▸ **What is being asked**: Your task is to reproduce exactly the lines from the line with "Import Order.TTheory GRing.Theory." through the end of the records below.

(Collected data entries)
□ □ □ □ □
(* Let $(\mathcal{A},\varphi)$ be a non-commutative space and let $(\mathcal{A}_{1,\ell},\mathcal{A}_{1,r})$ and $(\mathcal{A}_{2,\ell},\mathcal{A}_{2,r})$ be pairs of subalgebras of $\mathcal{A}$ which are bi-monotonically independent (in the order $1<2$) with respect to $\varphi$. Let $n\ge 1$, $\chi:\{1,\dots,n\}\to\{\ell,r\}$, $\omega:\{1,\dots,n\}\to\{1,2\}$, and $a_1,\dots,a_n\in\mathcal{A}$ with $a_j\in\mathcal{A}_{\omega(j),\chi(j)}$ for all $j$. Then \[ \varphi(a_1\cdots a_n)=\varphi(a_W)\prod_{\substack{V\in\pi_{\chi,\omega}\\ \omega(V)=2}}\varphi(a_V), \qquad W=\{j\in\{1,\dots,n\}:\omega(j)=1\}. \]
   Context: A non-commutative space $(\mathcal{A},\varphi)$ is a complex algebra $\mathcal{A}$ with a linear functional $\varphi$, with $\varphi(1)=1$ if $\mathcal{A}$ is unital. For algebras $\mathcal{C}_k$, $\sqcup_k\mathcal{C}_k$ denotes the free product without identification of units, $*_k\mathcal{C}_k$ denotes the free product of unital algebras with identification of units, and $\widetilde{\mathcal{C}}=\mathbb{C}1\oplus\mathcal{C}$ denotes the unitization; one has $\widetilde{\mathcal{C}_1}*\widetilde{\mathcal{C}_2}\cong\widetilde{\mathcal{C}_1\sqcup\mathcal{C}_2}$. Notation. For $n\ge1$ and $\chi:\{1,\dots,n\}\to\{\ell,r\}$ with $\chi^{-1}(\{\ell\})=\{i_1<\dots<i_p\}$ and $\chi^{-1}(\{r\})=\{i_{p+1}>\dots>i_n\}$, let $\prec_\chi$ be the total order $i_1\prec_\chi i_2\prec_\chi\cdots\prec_\chi i_n$ on $\{1,\dots,n\}$. A $\chi$-interval is a subset of $\{1,\dots,n\}$ which is an interval for $\prec_\chi$. For $V=\{v_1<\dots<v_s\}\subseteq\{1,\dots,n\}$ write $a_V=a_{v_1}\cdots a_{v_s}$ (product in increasing index order) and $(a_1,\dots,a_n)|_V=(a_{v_1},\dots,a_{v_s})$; by convention a functional applied to the empty product equals $1$. For $\omega:\{1,\dots,n\}\to K$, $\pi_{\chi,\omega}$ is the unique partition of $\{1,\dots,n\}$ into blocks $V_1,\dots,V_m$ such that each $V_k$ is a $\chi$-interval, $\max_{\prec_\chi}V_k\prec_\chi\min_{\prec_\chi}V_{k+1}$, $\omega$ is constant on each $V_k$ (value $\omega(V_k)$), and $\omega(V_k)\ne\omega(V_{k+1})$ for $1\le k\le m-1$. c-bi-free product. Given pairs of unital algebras $(\mathcal{B}_{k,\ell},\mathcal{B}_{k,r})_{k\in K}$ and unital linear functionals $\varphi_k,\psi_k$ on $\mathcal{B}_{k,\ell}*\mathcal{B}_{k,r}$, their c-bi-free product $(\varphi,\psi)=*\!*_k(\varphi_k,\psi_k)$ is the unique pair of unital linear functionals on $*_k(\mathcal{B}_{k,\ell}*\mathcal{B}_{k,r})$ restricting to $\varphi_k,\psi_k$ on each $\mathcal{B}_{k,\ell}*\mathcal{B}_{k,r}$ and such that whenever $n\ge1$, $\chi:\{1,\dots,n\}\to\{\ell,r\}$, $\omega:\{1,\dots,n\}\to K$, $b_j\in\mathcal{B}_{\omega(j),\chi(j)}$ and $\psi(b_V)=0$ for all $V\in\pi_{\chi,\omega}$, then $\psi(b_1\cdots b_n)=0$ and $\varphi(b_1\cdots b_n)=\prod_{V\in\pi_{\chi,\omega}}\varphi(b_V)$. Bi-monotonic product. Let $(\mathcal{A}_{k,\ell},\mathcal{A}_{k,r})$, $k=1,2$, be pairs of algebras with linear functionals $\varphi_k$ on $\mathcal{A}_{k,\ell}\sqcup\mathcal{A}_{k,r}$. Let $\widetilde{\varphi_k}$ be the unital extension of $\varphi_k$ to $\widetilde{\mathcal{A}_{k,\ell}}*\widetilde{\mathcal{A}_{k,r}}\cong\widetilde{\mathcal{A}_{k,\ell}\sqcup\mathcal{A}_{k,r}}$, and $\delta_1$ the unital functional on $\widetilde{\mathcal{A}_{1,\ell}\sqcup\mathcal{A}_{1,r}}$ vanishing on $\mathcal{A}_{1,\ell}\sqcup\mathcal{A}_{1,r}$. Let $(\widetilde\varphi,\widetilde\psi)$ be the c-bi-free product of $(\widetilde{\varphi_1},\delta_1)$ and $(\widetilde{\varphi_2},\widetilde{\varphi_2})$ for the pairs $(\widetilde{\mathcal{A}_{k,\ell}},\widetilde{\mathcal{A}_{k,r}})$, $k=1,2$. The bi-monotonic product $\varphi_1\rhd\!\!\rhd\varphi_2$ is the restriction of $\widetilde\varphi$ to $(\mathcal{A}_{1,\ell}\sqcup\mathcal{A}_{1,r})\sqcup(\mathcal{A}_{2,\ell}\sqcup\mathcal{A}_{2,r})$. Bi-monotonic independence of two pairs. Pairs of subalgebras $(\mathcal{A}_{1,\ell},\mathcal{A}_{1,r}),(\mathcal{A}_{2,\ell},\mathcal{A}_{2,r})$ of $(\mathcal{A},\varphi)$ are bi-monotonically independent (in the order $1<2$) if $\varphi\circ\iota=\varphi_1\rhd\!\!\rhd\varphi_2$, where $\iota:(\mathcal{A}_{1,\ell}\sqcup\mathcal{A}_{1,r})\sqcup(\mathcal{A}_{2,\ell}\sqcup\mathcal{A}_{2,r})\to\mathcal{A}$ is the homomorphism induced by the inclusions and $\varphi_k=\varphi\circ\iota|_{\mathcal{A}_{k,\ell}\sqcup\mathcal{A}_{k,r}}$. *)

From HB Require Import structures.
From mathcomp Require Import all_boot all_order all_algebra.
Set Implicit Arguments. Unset Strict Implicit. Unset Printing Implicit Defensive.
Import Order.TTheory GRing.Theory.
Local Open Scope ring_scope.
□ □ □ □ □
▸ **Written solution**:
Import Order.TTheory GRing.Theory.
Local Open Scope ring_scope.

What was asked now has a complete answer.